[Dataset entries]
'''
Lemma sin_phase_opp a b : sin_phase (- a) b = - sin_phase a b.
Proof.
  unfold sin_phase; replace (2 * - a) with (- (2 * a)) by ring.
  rewrite sin_neg, cos_neg, <- atan_opp; f_equal; unfold Rdiv; ring.
Qed.

(* [sum_f_R0 f n] has [n + 1] terms, hence the [pred]s. *)
Lemma sum_f_R0_split_half (f : nat -> R) M : (0 < M)%nat ->
  sum_f_R0 f (pred (2 * M)) = sum_f_R0 (fun k => f k + f (M + k)%nat) (pred M).
Proof.
  intros HM; rewrite (tech2 f (pred M) (pred (2 * M))) by lia.
  replace (S (pred M)) with M by lia; replace (pred (2 * M) - M)%nat with (pred M) by lia.
  symmetry; apply sum_plus.
Qed.

Lemma pow2_pos m : (0 < 2 ^ m)%nat.
Proof. apply Nat.neq_0_lt_0, Nat.pow_nonzero; lia. Qed.

Lemma INR_pow2 m : INR (2 ^ m) = 2 ^ m.
Proof. rewrite pow_INR; reflexivity. Qed.

Lemma sin_phase_pow2 m a b : 0 < b ->
  sin_phase (2 ^ m * a) (2 ^ m * b) =
  sum_f_R0 (fun k => sin_phase (a + INR k * PI / 2 ^ m) b) (pred (2 ^ m)).
Proof.
  revert a b; induction m as [| m IH]; intros a b Hb.
  - simpl; rewrite !Rmult_1_l; f_equal; field.
  - assert (HM : 0 < 2 ^ m) by (apply pow_lt; lra).
    change (2 ^ S m) with (2 * 2 ^ m); change (2 ^ S m)%nat with (2 * 2 ^ m)%nat.
    rewrite sum_f_R0_split_half by apply pow2_pos.
    replace (2 * 2 ^ m * a) with (2 ^ m * (2 * a)) by ring.
    replace (2 * 2 ^ m * b) with (2 ^ m * (2 * b)) by ring.
    rewrite IH by lra; apply sum_eq; intros k _.
    replace (2 * a + INR k * PI / 2 ^ m) with (2 * (a + INR k * PI / (2 * 2 ^ m))) by (field; lra).
    rewrite sin_phase_double by lra; f_equal; f_equal.
    rewrite plus_INR, INR_pow2; field; lra.
Qed.

Lemma sin_phase_quarter_sum m y : 0 < y ->
  sin_phase (PI / 4) (PI * y) =
  sum_f_R0 (fun k => sin_phase (PI * (INR k + 1/4) / 2 ^ S m) (PI * y / 2 ^ S m)
                   - sin_phase (PI * (INR k + 3/4) / 2 ^ S m) (PI * y / 2 ^ S m))
           (pred (2 ^ m)).
Proof.
  intros Hy.
  assert (HM : 0 < 2 ^ m) by (apply pow_lt; lra).
  assert (HPI := PI_RGT_0).
  set (N := 2 ^ S m); set (beta := PI * y / N).
  assert (HN : N = 2 * 2 ^ m) by reflexivity.
  replace (sin_phase (PI / 4) (PI * y)) with (sin_phase (N * (PI / (4 * N))) (N * beta))
    by (unfold beta; f_equal; field; lra).
  unfold N; rewrite sin_phase_pow2 by (apply Rdiv_lt_0_compat; [nra | lra]); fold N.
  change (2 ^ S m)%nat with (2 * 2 ^ m)%nat.
  rewrite sum_f_R0_split_half by apply pow2_pos.
  unfold Rminus; rewrite !sum_plus; apply (f_equal2 Rplus).
  - apply sum_eq; intros k _; f_equal; field; lra.
  - rewrite <- (sum_f_R0_skip (fun k => - sin_phase (PI * (INR k + 3/4) / N) beta)).
    apply sum_eq; intros k Hk.
    rewrite <- sin_phase_opp, <- (sin_phase_periodic (- _)); f_equal.
    rewrite plus_INR, minus_INR, INR_pow2, HN by lia.
    rewrite <- Nat.sub_1_r, minus_INR, INR_pow2 by (pose proof (pow2_pos m); lia).
    simpl INR; field; lra.
Qed.

(* As [sin z ~ z] near [0], [sin_phase a b] is close to [atan (a / b) - a]. *)
Definition sin_phase_defect (a b : R) : R := atan (a / b) - a - sin_phase a b.

(* The [a]-derivative of the defect is the Poisson kernel of the line minus its
   [PI]-periodisation. *)
Lemma sin_phase_defect_lipschitz a a' b : 0 < a -> a <= a' <= 2 -> 0 < b <= 1 ->
  Rabs (sin_phase_defect a' b - sin_phase_defect a b) <= 27 * b * (a' - a).
Proof.
  intros Ha Ha' Hb.
  destruct (Req_dec a a') as [<- | Hne]; [rewrite !Rminus_diag, Rabs_R0; lra |].
  set (kernel_gap := fun x => b / (x ^ 2 + b ^ 2) - sinh b * cosh b / (sinh b ^ 2 + sin x ^ 2)).
  destruct (MVT_cor2 (fun x => sin_phase_defect x b) kernel_gap a a') as [x [Hx Hax]]; [lra | |].
  { intros x _; apply is_derive_Reals; unfold sin_phase_defect, kernel_gap.
    replace (b / (x ^ 2 + b ^ 2) - sinh b * cosh b / (sinh b ^ 2 + sin x ^ 2))
      with ((b / (x ^ 2 + b ^ 2) - 1) - (sinh b * cosh b / (sinh b ^ 2 + sin x ^ 2) - 1)) by ring.
    apply (is_derive_minus (fun x => atan (x / b) - x)); [| apply is_derive_sin_phase; lra].
    assert (0 < b ^ 2) by (apply pow_lt; lra); pose proof (pow2_ge_0 x).
    auto_derive; [lra |]. field; split; lra. }
  rewrite Hx, Rabs_mult, (Rabs_pos_eq (a' - a)) by lra.
  apply Rmult_le_compat_r; [lra |].
  destruct (sinh_cosh_bounds b) as [Hsinh Hcosh]; [lra |].
  apply poisson_kernel_approx; try lra; apply sin_bounds; lra.
Qed.

Lemma sin_phase_defect_node_bound m y k : 0 < y -> PI * y / 2 ^ S m <= 1 -> (k < 2 ^ m)%nat ->
  Rabs (sin_phase_defect (PI * (INR k + 3/4) / 2 ^ S m) (PI * y / 2 ^ S m)
        - sin_phase_defect (PI * (INR k + 1/4) / 2 ^ S m) (PI * y / 2 ^ S m))
  <= 27 * (PI * y / 2 ^ S m) * (PI / (2 * 2 ^ S m)).
Proof.
  intros Hy Hbeta Hk.
  assert (HM : 0 < 2 ^ m) by (apply pow_lt; lra).
  assert (HPI := PI_RGT_0); assert (HPI4 := PI_4).
  assert (Hk1 : INR k + 1 <= 2 ^ m) by (rewrite <- INR_pow2, <- S_INR; apply le_INR; lia).
  assert (HN : 2 ^ S m = 2 * 2 ^ m) by reflexivity.
  replace (PI / (2 * 2 ^ S m)) with (PI * (INR k + 3/4) / 2 ^ S m - PI * (INR k + 1/4) / 2 ^ S m)
    by (field; lra).
  apply sin_phase_defect_lipschitz; [| split | split]; try lra.
  - apply Rdiv_lt_0_compat; [pose proof (pos_INR k); nra | lra].
  - apply Rmult_le_compat_r; [apply Rlt_le, Rinv_0_lt_compat; lra |].
    apply Rmult_le_compat_l; lra.
  - apply Rmult_le_reg_r with (2 ^ S m); [lra |].
    unfold Rdiv; rewrite Rmult_assoc, Rinv_l, Rmult_1_r by lra.
    rewrite HN; nra.
  - apply Rdiv_lt_0_compat; nra.
Qed.

Lemma atan_step_quarter_partial_sum m y : 0 < y -> PI * y / 2 ^ S m <= 1 ->
  Rabs (sum_f_R0 (atan_step y (1/4)) (pred (2 ^ m)) - (PI / 4 - sin_phase (PI / 4) (PI * y)))
  <= 27 * (PI * y / 2 ^ S m).
Proof.
  intros Hy Hbeta.
  assert (HM : 0 < 2 ^ m) by (apply pow_lt; lra).
  assert (HPI := PI_RGT_0); assert (HPI4 := PI_4).
  rewrite (sin_phase_quarter_sum m y Hy).
  set (N := 2 ^ S m) in *; set (beta := PI * y / N) in *.
  assert (HN : N = 2 * 2 ^ m) by reflexivity.
  assert (Hbeta0 : 0 < beta) by (unfold beta; apply Rdiv_lt_0_compat; nra).
  set (lo := fun k => PI * (INR k + 1/4) / N); set (hi := fun k => PI * (INR k + 3/4) / N).
  set (n := pred (2 ^ m)).
  assert (Hn : INR (S n) = 2 ^ m)
    by (unfold n; rewrite Nat.succ_pred_pos by apply pow2_pos; apply INR_pow2).
  (* Over the pair [lo k, hi k], [atan_step] is the length [PI / (2 N)] of the pair plus increments
     of the defect and of [sin_phase]; the lengths add up to [PI / 4]. *)
  assert (Hterm : forall k, atan_step y (1/4) k =
    PI / (2 * N) + (sin_phase_defect (hi k) beta - sin_phase_defect (lo k) beta)
    - (sin_phase (lo k) beta - sin_phase (hi k) beta)).
  { intros k; unfold atan_step, sin_phase_defect, lo, hi, beta.
    replace (PI * (INR k + 3/4) / N / (PI * y / N)) with ((INR k + 1/4 + 1/2) / y) by (field; lra).
    replace (PI * (INR k + 1/4) / N / (PI * y / N)) with ((INR k + 1/4) / y) by (field; lra).
    field; lra. }
  rewrite (sum_eq _ _ n (fun k _ => Hterm k)), minus_sum, sum_plus, sum_cte, Hn.
  unfold lo, hi; cbv beta.
  match goal with |- Rabs (_ + ?D - ?P - (_ - ?P)) <= _ =>
    replace (PI / (2 * N) * 2 ^ m + D - P - (PI / 4 - P)) with D by (rewrite HN; field; lra) end.
  eapply Rle_trans; [apply Rsum_abs |].
  eapply Rle_trans.
  { apply (sum_Rle _ (fun _ => 27 * beta * (PI / (2 * N)))); intros k Hk.
    apply sin_phase_defect_node_bound; [exact Hy | exact Hbeta |].
    pose proof (pow2_pos m); unfold n in Hk; lia. }
  rewrite sum_cte, Hn, HN; apply Rle_trans with (27 * beta * (PI / 4)); [right; field; lra |].
  nra.
Qed.

Lemma Series_atan_step_quarter y : 0 < y ->
  Series (atan_step y (1/4)) = PI / 4 - atan (exp (- (2 * PI * y))).
Proof.
  intros Hy; assert (HPI := PI_RGT_0).
  set (partial := fun m => sum_f_R0 (atan_step y (1/4)) (pred (2 ^ m))).
  set (T := PI / 4 - sin_phase (PI / 4) (PI * y)).
  set (err := fun m => 27 * (PI * y / 2 ^ S m)).
  assert (Herr : is_lim_seq err 0).
  { replace (Finite 0) with (Rbar_mult (27 * (PI * y / 2)) 0) by (simpl; f_equal; ring).
    apply (is_lim_seq_ext (fun m => 27 * (PI * y / 2) * (/ 2) ^ m)).
    { intros m; unfold err; rewrite pow_inv; simpl; field; apply pow_nonzero; lra. }
    apply is_lim_seq_scal_l, is_lim_seq_geom; rewrite Rabs_pos_eq; lra. }
  assert (Hlim_series : is_lim_seq partial (Series (atan_step y (1/4)))).
  { apply (is_lim_seq_ext (fun m => sum_n (atan_step y (1/4)) (pred (2 ^ m))));
      [intros m; apply sum_n_Reals |].
    apply (is_lim_seq_subseq (sum_n (atan_step y (1/4)))).
    - intros P [N HN]; exists (S N); intros m Hm; apply HN.
      pose proof (Nat.pow_gt_lin_r 2 m ltac:(lia)); lia.
    - apply Series_correct, ex_series_atan_step; lra. }
  assert (Hlim_T : is_lim_seq partial T).
  { apply (is_lim_seq_le_le_loc (fun m => T - err m) partial (fun m => T + err m)).
    - apply is_lim_seq_spec in Herr; destruct (Herr (mkposreal 27 ltac:(lra))) as [N HN].
      exists N; intros m Hm; specialize (HN m Hm); simpl in HN.
      unfold err in HN; rewrite Rminus_0_r, Rabs_pos_eq in HN
        by (apply Rmult_le_pos, Rlt_le, Rdiv_lt_0_compat; try apply pow_lt; nra).
      pose proof (atan_step_quarter_partial_sum m y Hy ltac:(lra)) as H.
      apply Rabs_le_between in H; unfold partial, err, T; lra.
    - replace (Finite T) with (Rbar_minus T 0) by (simpl; f_equal; ring).
      apply is_lim_seq_minus'; [apply is_lim_seq_const | exact Herr].
    - replace (Finite T) with (Rbar_plus T 0) by (simpl; f_equal; ring).
      apply is_lim_seq_plus'; [apply is_lim_seq_const | exact Herr]. }
  apply is_lim_seq_unique in Hlim_series, Hlim_T; rewrite Hlim_series in Hlim_T.
  injection Hlim_T as ->; unfold T, sin_phase.
  replace (2 * (PI / 4)) with (PI / 2) by field; rewrite sin_PI2, cos_PI2, exp_Ropp.
  do 3 f_equal; rewrite Rminus_0_r, Rmult_assoc; unfold Rdiv; ring.
Qed.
'''
:: WHAT YOU NEED TO DO ::
Among the lines above, which ones hold the string "destruct"? Show them.

:: RESULT FOR THIS EXERCISE ::
  destruct (Req_dec a a') as [<- | Hne]; [rewrite !Rminus_diag, Rabs_R0; lra |].
  destruct (MVT_cor2 (fun x => sin_phase_defect x b) kernel_gap a a') as [x [Hx Hax]]; [lra | |].
  destruct (sinh_cosh_bounds b) as [Hsinh Hcosh]; [lra |].
    - apply is_lim_seq_spec in Herr; destruct (Herr (mkposreal 27 ltac:(lra))) as [N HN].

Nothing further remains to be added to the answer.